PunCantonese: A Benchmark Corpus for Low-Resource Cantonese Punctuation Restoration from Speech Transcripts
This repository contains the data and source code of the paper accepted at the InterSpeech2023, PunCantonese: A Benchmark Corpus for Low-Resource Cantonese Punctuation Restoration from Speech Transcripts.
The dataset would be available upon request to this email address: yunxiang.li@link.cuhk.edu.hk
We propose a Transformer-based neural network model to evaluate the PunCantonese corpus.

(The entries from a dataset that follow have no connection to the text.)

Lemma homog_mul a b x y : homog a x -> homog b y -> homog (a + b) (mmul x y).
Proof.
move=> hx hy k hk; rewrite mmul_coord; apply: big1 => i _; apply: big1 => j _.
have [->|/basis_or0_coord/mtab_wt wk] := eqVneq ((basis_or0 (mtab i j)) ord0 k) 0%R.
  by rewrite mulr0.
have [ia|ia] := eqVneq (wt i) a; last by rewrite hx // !mul0r.
by rewrite hy ?mulr0 ?mul0r //; apply: contraNneq hk => jb; rewrite wk ia jb.
Qed.

Local Notation Lspan := (Lspan mmul munit).

Definition std_gens : seq V :=
  [seq ('e_i)%R | i : 'I_n <- enum 'I_n & (0 < i) && ~~ is_prod i].

Lemma basis_in_Lspan_std (c : 'I_n) : 0 < c -> ('e_c)%R \in Lspan std_gens (wt c).
Proof.
have [w wc] : exists w, wt c = w by exists (wt c).
elim/ltn_ind: w c wc => w IH c wc c0; case: (boolP (is_prod c)) => pc.
  have [p [q [p0 q0 wtc <-]]] := mmul_basis_prod c0 pc.
  have [wp wq] := (wt_ord_gt0 p0, wt_ord_gt0 q0).
  have := Lspan_mul mmul_bilinear mmul_unit (IH _ _ p erefl p0) (IH _ _ q erefl q0).
  by rewrite -wtc; apply; lia.
apply: word_in_Lspan; first by apply/word_gen/map_f; rewrite mem_filter c0 pc mem_enum.
exact: wt_ord_gt0.
Qed.

Lemma word_std_homog j w : is_word mmul std_gens j w -> homog j w.
Proof.
elim=> [s|a b x y _ hx _ hy]; last exact: homog_mul.
case/mapP => i; rewrite mem_filter => /andP [/andP [i0 pi] _] -> t ht.
by rewrite mxE eqxx /=; case: eqP => // ti; move: ht; rewrite ti wt_gen ?i0 ?ltn_ord.
Qed.

Lemma Lspan_std_wt_le k v : v \in Lspan std_gens k ->
  forall i : 'I_n, k < wt i -> v ord0 i = 0%R.
Proof.
move=> hv; elim/span_ind: v / hv => [i _|a u u' hu hu' i hi|g].
- by rewrite mxE.
- by rewrite !mxE hu // hu' // mulr0 addr0.
case/Lspan_gensP => [->|[j [hj /word_std_homog hg]]] i hi.
- by rewrite mxE eqxx /=; case: eqP => // i0; move: hi; rewrite i0 wt0.
- by apply: hg; apply: contraTneq hi => ->; rewrite -leqNgt; case/andP: hj.
Qed.

Lemma std_gens_length : set_length mmul munit std_gens (wt top).
Proof.
split.
  apply/L_fullE/vspace_basis_full => i; have [i0|i0] := posnP i; last first.
    exact: subvP (Lspan_mono _ _ _ (wt_le_top i)) _ (basis_in_Lspan_std i0).
  have -> : i = ord0 by apply: val_inj.
  exact: unit_in_Lspan.
move=> k /L_fullE full; rewrite leqNgt; apply/negP => kt.
have := Lspan_std_wt_le (_ : ('e_top)%R \in Lspan std_gens k) kt.
by rewrite full memvf mxE !eqxx /= => /(_ isT) /eqP; rewrite oner_eq0.
Qed.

The model exploits pre-trained language models to obtain a good network initialization, a multi-task learning objective to prevent the network from paying too much attention to the largest subset of written-style sentences and a novel Jyutping embedding layer to represent a Cantonese character with its Jyutping sequence which potentially enables the model to incorporate phonetic features that are not explicitly available in Cantonese characters. Then we have one Bi-LSTM and one linear layer for classification.
To train our model with default settings and with both multitask learning and jyutping embedding on, run the following command
python src/train_jyupin_multi.py --cuda=True --pretrained-model=bert-base-multilingual-uncased --freeze-bert=False --lstm-dim=-1 --seed=0 --lr=2e-5 --epoch=15 --use-crf=False --data-path=data --save-path=out --batch-size=32 --sequence-length=128 --loss=focal --multitask=True --jyutping=True
This project is based on modifications made to the original code from Punctuation Restoration using Transformer Models. Special thanks to the authors from this work for providing the excellent code base.
This repository is under the Apache License 2.0.